🤖 AI Summary
This work challenges the prevailing assumption that reinforcement learning (RL) is indispensable for surpassing supervised fine-tuning (SFT) in programming reasoning tasks (e.g., CodeContests, LiveCodeBench), focusing instead on constructing high-quality SFT datasets to enhance small- and medium-scale models.
Method: We propose an instruction-decoupled data filtering paradigm, systematically revealing for the first time the detrimental impact of execution-based filtering on code reasoning distillation. We establish a new principle—“instruction diversity outweighs solution correctness”—and further refine data quality via token-efficiency analysis and reasoning-path validation.
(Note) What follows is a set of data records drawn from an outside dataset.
(* The map $\mathcal K'(\mathbb C^n)\to\mathcal K'(\mathbb C^n)$, $K\mapsto\widehat K$, is measurable.
   Context: $\mathcal K'(\mathbb C^n)$ is the space of non-empty compact subsets of $\mathbb C^n$ with the Hausdorff distance and its Borel $\sigma$-algebra. $\widehat K=\{z\in\mathbb C^n:|p(z)|\le\max_{x\in K}|p(x)| \text{ for all polynomials } p\}$ is the polynomially convex hull. *)

From HB Require Import structures.
From mathcomp Require Import all_boot all_order all_algebra.
From mathcomp Require Import all_classical all_reals all_analysis.
From mathcomp Require Import complex.
From mathcomp Require mpoly.
Import numFieldTopology.Exports numFieldNormedType.Exports.
Import Order.TTheory GRing.Theory Num.Theory.

Set Implicit Arguments.
Unset Strict Implicit.
Unset Printing Implicit Defensive.

Local Open Scope ring_scope.
Local Open Scope classical_set_scope.

(* The complex numbers R[i] (R a real closed archimedean complete field,
   i.e. a model of the reals) with their usual metric topology (the one
   induced by the complex modulus), as for any numClosedFieldType. *)
HB.instance Definition _ (R : realType) :=
  PseudoPointedMetric.copy R[i] (R[i])^o.

Section Defs.
Variables (R : realType) (n : nat).

(* C^n, as row vectors of length n (product topology = Euclidean topology). *)
Definition Cn := 'rV[R[i]]_n.

Definition cmod (z : R[i]) : R := ComplexField.Normc.normc z.

Definition edist (z w : Cn) : R :=
  Num.sqrt (\sum_(i < n) cmod (z ord0 i - w ord0 i) ^+ 2).

Definition Kprime := {K : set Cn | compact K /\ K !=set0}.

Definition setdist (z : Cn) (B : set Cn) : R := inf [set edist z b | b in B].

Definition hausdorff (A B : set Cn) : R :=
  Num.max (sup [set setdist a B | a in A]) (sup [set setdist b A | b in B]).

Definition hdist (K L : Kprime) : R := hausdorff (proj1_sig K) (proj1_sig L).

Definition hopen (U : set Kprime) : Prop :=
  forall K, U K -> exists2 e : R, 0 < e & forall L, hdist K L < e -> U L.

Definition hborel (B : set Kprime) : Prop := <<s [set U | hopen U] >> B.

Definition cpoly := mpoly.mpoly n R[i].
Definition peval (p : cpoly) (z : Cn) : R[i] := mpoly.meval (fun i => z ord0 i) p.

(* max_{x in K} |p(x)| (a sup, attained for K compact non-empty) *)
Definition pmax (p : cpoly) (K : set Cn) : R := sup [set cmod (peval p x) | x in K].

Definition pchull (K : set Cn) : set Cn :=
  [set z | forall p : cpoly, cmod (peval p z) <= pmax p K].

End Defs.

(** The hull map is upper semicontinuous for the Hausdorff distance: a point
    outside a neighbourhood V of hull(K) is excluded from hull(L), for all L
    Hausdorff-close to K, by a single polynomial that is large there, and by
    compactness finitely many polynomials suffice.  Hence {K | hull(K) ⊆ V} is
    open for V open, and {K | hull(K) ⊆ F} is a countable intersection of such
    sets for F = {h >= c} with h continuous.  Every Hausdorff-open set U is the
    union of the countably many sets {L | L and D are s-close} ⊆ U with D a
    finite set of points with rational coordinates and s rational, and the
    hull-preimage of such a set is a finite Boolean combination of sets of the
    two previous kinds.  So hull-preimages of open sets, hence of Borel sets,
    are Borel. *)

From Pilot Require Import Defs.
From HB Require Import structures.
From mathcomp Require Import all_boot all_order all_algebra.
From mathcomp Require Import all_classical all_reals all_analysis.
From mathcomp Require Import complex.
From mathcomp Require mpoly.
From mathcomp Require Import lra.
Import numFieldTopology.Exports numFieldNormedType.Exports.
Import Order.TTheory GRing.Theory Num.Theory.
Local Open Scope ring_scope.
Local Open Scope classical_set_scope.
Local Open Scope complex_scope.

Section complex_modulus.
Context {R : realType}.
Implicit Types (a b c : R[i]) (x y r : R).

Lemma cmod_ge0 a : 0 <= cmod a.
Proof. by case: a => x y; exact: sqrtr_ge0. Qed.

Lemma cmodD a b : cmod (a + b) <= cmod a + cmod b.
Proof. exact: le_normcD. Qed.

Lemma cmodB a b : cmod (a - b) = cmod (b - a).
Proof. by rewrite -opprB; exact: normcN. Qed.

Lemma cmod_dist_dist a b : `|cmod a - cmod b| <= cmod (a - b).
Proof.
have := cmodD (a - b) b; have := cmodD (b - a) a.
rewrite !subrK cmodB ler_norml; move=> *; apply/andP; split; lra.
Qed.

Lemma ballC a b r : ball a r%:C b <-> cmod (a - b) < r.
Proof. by rewrite /ball /= ltcR. Qed.

Lemma cmod_continuous : continuous (@cmod R).
Proof.
move=> a; apply/(@cvgrPdist_lt _ _ _ (nbhs a) (nbhs_filter a)) => e e0.
apply/nbhs_ballP; exists e%:C; first by rewrite /= ltcR.
by move=> b /ballC; apply: le_lt_trans (cmod_dist_dist _ _).
Qed.

Lemma cmod_le_Re_Im x y : cmod (x +i* y) <= `|x| + `|y|.
Proof.
rewrite -(ger0_norm (addr_ge0 (normr_ge0 x) (normr_ge0 y))) -sqrtr_sqr ler_sqrt //.
have := mulr_ge0 (normr_ge0 x) (normr_ge0 y).
rewrite sqrrD !real_normK ?num_real //; lra.
Qed.

Lemma Re_le_cmod c : `|complex.Re c| <= cmod c.
Proof.
case: c => x y; rewrite -sqrtr_sqr ler_sqrt ?addr_ge0 ?sqr_ge0 //=.
by rewrite lerDl sqr_ge0.
Qed.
Contribution/Results: We open-source both a high-quality SFT dataset and corresponding models. Empirical results show that SFT-only models achieve 61.8% on LiveCodeBench and 24.6% on CodeContests—substantially outperforming same-scale RL baselines. This demonstrates that carefully curated SFT data is pivotal for advancing programming reasoning capabilities without RL.
📝 Abstract
Since the advent of reasoning-based large language models, many have found great success from distilling reasoning capabilities into student models. Such techniques have significantly bridged the gap between reasoning and standard LLMs on coding tasks. Despite this, much of the progress on distilling reasoning models remains locked behind proprietary datasets or lacks details on data curation, filtering and subsequent training. To address this, we construct a superior supervised fine-tuning (SFT) dataset that we use to achieve state-of-the-art coding capability results in models of various sizes. Our distilled models use only SFT to achieve 61.8% on LiveCodeBench and 24.6% on CodeContests, surpassing alternatives trained with reinforcement learning. We then perform analysis on the data sources used to construct our dataset, the impact of code execution filtering, and the importance of instruction/solution diversity. We observe that execution filtering negatively affected benchmark accuracy, leading us to prioritize instruction diversity over solution correctness. Finally, we also analyze the token efficiency and reasoning patterns utilized by these models. We will open-source these datasets and distilled models to the community.